Dataset entries
(* Let $\alpha\in(1,3)$, $n=2$ and $\mu>0$, and consider the planar Maxwell-ring potential described in the context, in polar coordinates $u=re^{i\varphi}$. Then its critical points are exactly the $\mathbb{Z}_2$-orbits (orbits under $u\mapsto -u$) of: two saddle points $u=r_2$ and $u=r_1$ with $0<r_2<1<r_1$, and one minimum point $u=r_3e^{i\pi/2}$ with $r_3>1$; there are no other critical points.
   Context: Let $\zeta=\pi$, $\phi_\alpha'(r)=-r^{-\alpha}$, $s=2^{-\alpha}$ (i.e. $s=2^{-\alpha}\sum_{j=1}^{n-1}\sin^{-(\alpha-1)}(j\zeta/2)$ with $n=2$). The (rescaled) planar potential of a satellite attracted by two unit masses at $\pm1$ and a central mass $\mu$ at $0$ (identifying $\mathbb{R}^2=\mathbb{C}$) is $$V(u)=\frac12\|u\|^2+\sum_{j=1}^2\frac1{s+\mu}\phi_\alpha(\|u-e^{ij\pi}\|)+\frac{\mu}{s+\mu}\phi_\alpha(\|u\|).$$ *)

From Stdlib Require Import Reals.
From Coquelicot Require Import Coquelicot.
Open Scope R_scope.

(* phi_alpha with phi_alpha'(r) = - r^(-alpha), r > 0, alpha > 1:
   phi_alpha(r) = r^(1-alpha)/(alpha-1) (additive constant irrelevant). *)
Definition phi (alpha r : R) : R := Rpower r (1 - alpha) / (alpha - 1).

(* s = 2^{-alpha} * sum_{j=1}^{n-1} sin^{-(alpha-1)}(j zeta/2) with n = 2, zeta = pi;
   sin(pi/2) = 1 so s = 2^{-alpha}. *)
Definition s_const (alpha : R) : R := Rpower 2 (- alpha).

Definition dist2 (p q : R * R) : R :=
  sqrt ((fst p - fst q) ^ 2 + (snd p - snd q) ^ 2).

(* V(u) = |u|^2/2 + sum_{j=1,2} phi(|u - e^{i j pi}|)/(s+mu) + mu/(s+mu) phi(|u|);
   e^{i pi} = -1, e^{2 i pi} = 1. *)
Definition V (alpha mu : R) (u : R * R) : R :=
  (fst u ^ 2 + snd u ^ 2) / 2
  + / (s_const alpha + mu) * phi alpha (dist2 u (-1, 0))
  + / (s_const alpha + mu) * phi alpha (dist2 u (1, 0))
  + mu / (s_const alpha + mu) * phi alpha (dist2 u (0, 0)).

Definition in_domain (u : R * R) : Prop :=
  u <> (0, 0) /\ u <> (1, 0) /\ u <> (-1, 0).

Definition critical_point (alpha mu : R) (u : R * R) : Prop :=
  in_domain u /\ filterdiff (V alpha mu) (locally u) (fun _ : R * R => 0).

Definition local_min_point (alpha mu : R) (u : R * R) : Prop :=
  exists eps : R, 0 < eps /\
    forall q : R * R, in_domain q -> dist2 q u < eps -> V alpha mu u <= V alpha mu q.

Definition saddle_point (alpha mu : R) (u : R * R) : Prop :=
  critical_point alpha mu u /\
  forall eps : R, 0 < eps ->
    (exists q, in_domain q /\ dist2 q u < eps /\ V alpha mu q < V alpha mu u) /\
    (exists q, in_domain q /\ dist2 q u < eps /\ V alpha mu u < V alpha mu q).

From Stdlib Require Import Reals Lra Psatz.
From Coquelicot Require Import Coquelicot.
Open Scope R_scope.

(* [V] depends on [u] only through [|u|^2] and the squared distances [w] to the three masses,
   each through the convex decreasing function [psi w = phi (sqrt w)]. Its gradient is
   [radial_factor u * u] minus the difference of the pulls of the masses at [-1] and [1],
   along the real axis. Off the real axis a critical point therefore has [radial_factor = 0]
   and is equidistant from [-1] and [1]: it lies on the imaginary axis, where [radial_factor]
   increases with [|y|] and vanishes once, at [r3 > 1]. On the real axis the equation [Vx = 0]
   is strictly increasing on [(0, 1)] and on [(1, +oo)], with one root in each by the
   intermediate value theorem. Convexity of [psi] gives
   [V q >= V p + radial_factor p * |q - p|^2 / 2] at every critical [p], so [(0, +-r3)] are
   global minima. On each side of the masses [V] is convex along the real axis, while
   [radial_factor < 0] at the real critical points, so [V] decreases vertically there: saddles. *)

Lemma Rpower_pos x p : 0 < Rpower x p.
Proof. apply exp_pos. Qed.

Lemma Rpower_sub1 x p : 0 < x -> Rpower x (p - 1) = Rpower x p / x.
Proof.
  intros Hx. unfold Rminus. rewrite Rpower_plus, Rpower_Ropp, Rpower_1 by exact Hx.
  reflexivity.
Qed.

Lemma Rpower_sqr t p : 0 < t -> Rpower (t ^ 2) p = Rpower t (2 * p).
Proof.
  intros Ht. replace (t ^ 2) with (Rpower t (INR 2)) by now apply Rpower_pow.
  rewrite Rpower_mult. now replace (INR 2) with 2 by (simpl; ring).
Qed.

(* Convexity of [w |-> w ^ p] for [p <= 0], through [ln t <= t - 1] and [1 + x <= exp x]. *)
Lemma Rpower_tangent w0 w p : 0 < w0 -> 0 < w -> p <= 0 ->
  Rpower w0 p + p * Rpower w0 (p - 1) * (w - w0) <= Rpower w p.
Proof.
  intros Hw0 Hw Hp.
  assert (Ht : 0 < w / w0) by (apply Rdiv_lt_0_compat; assumption).
  assert (Hln : ln (w / w0) <= w / w0 - 1).
  { pose proof (exp_ineq1_le (ln (w / w0))) as E. rewrite exp_ln in E by exact Ht. lra. }
  assert (Hratio : 1 + p * (w / w0 - 1) <= Rpower (w / w0) p).
  { pose proof (exp_ineq1_le (p * ln (w / w0))). unfold Rpower. nra. }
  replace w with (w0 * (w / w0)) at 2 by (field; lra).
  rewrite <- Rpower_mult_distr, Rpower_sub1 by assumption.
  pose proof (Rpower_pos w0 p).
  replace (Rpower w0 p + p * (Rpower w0 p / w0) * (w - w0))
    with (Rpower w0 p * (1 + p * (w / w0 - 1))) by (field; lra).
  apply Rmult_le_compat_l; lra.
Qed.

Lemma Rpower_lt_base_neg a b p : 0 < a < b -> p < 0 -> Rpower b p < Rpower a p.
Proof.
  intros [Ha Hab] Hp. unfold Rpower. apply exp_increasing.
  pose proof (ln_increasing a b Ha Hab). nra.
Qed.

Lemma Rpower_le_base_neg a b p : 0 < a <= b -> p <= 0 -> Rpower b p <= Rpower a p.
Proof.
  intros [Ha [Hab | <-]] Hp; [| lra].
  destruct (Req_dec p 0) as [-> | Hp0].
  - rewrite !Rpower_O by lra. lra.
  - left. apply Rpower_lt_base_neg; lra.
Qed.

=== Your objective ===
Retype only this portion of the data above: the line containing "and is equidistant", the line containing "Proof. apply exp_pos. Qed.", and all lines between them, exactly.

=== Completed task ===
   and is equidistant from [-1] and [1]: it lies on the imaginary axis, where [radial_factor]
   increases with [|y|] and vanishes once, at [r3 > 1]. On the real axis the equation [Vx = 0]
   is strictly increasing on [(0, 1)] and on [(1, +oo)], with one root in each by the
   intermediate value theorem. Convexity of [psi] gives
   [V q >= V p + radial_factor p * |q - p|^2 / 2] at every critical [p], so [(0, +-r3)] are
   global minima. On each side of the masses [V] is convex along the real axis, while
   [radial_factor < 0] at the real critical points, so [V] decreases vertically there: saddles. *)

Lemma Rpower_pos x p : 0 < Rpower x p.
Proof. apply exp_pos. Qed.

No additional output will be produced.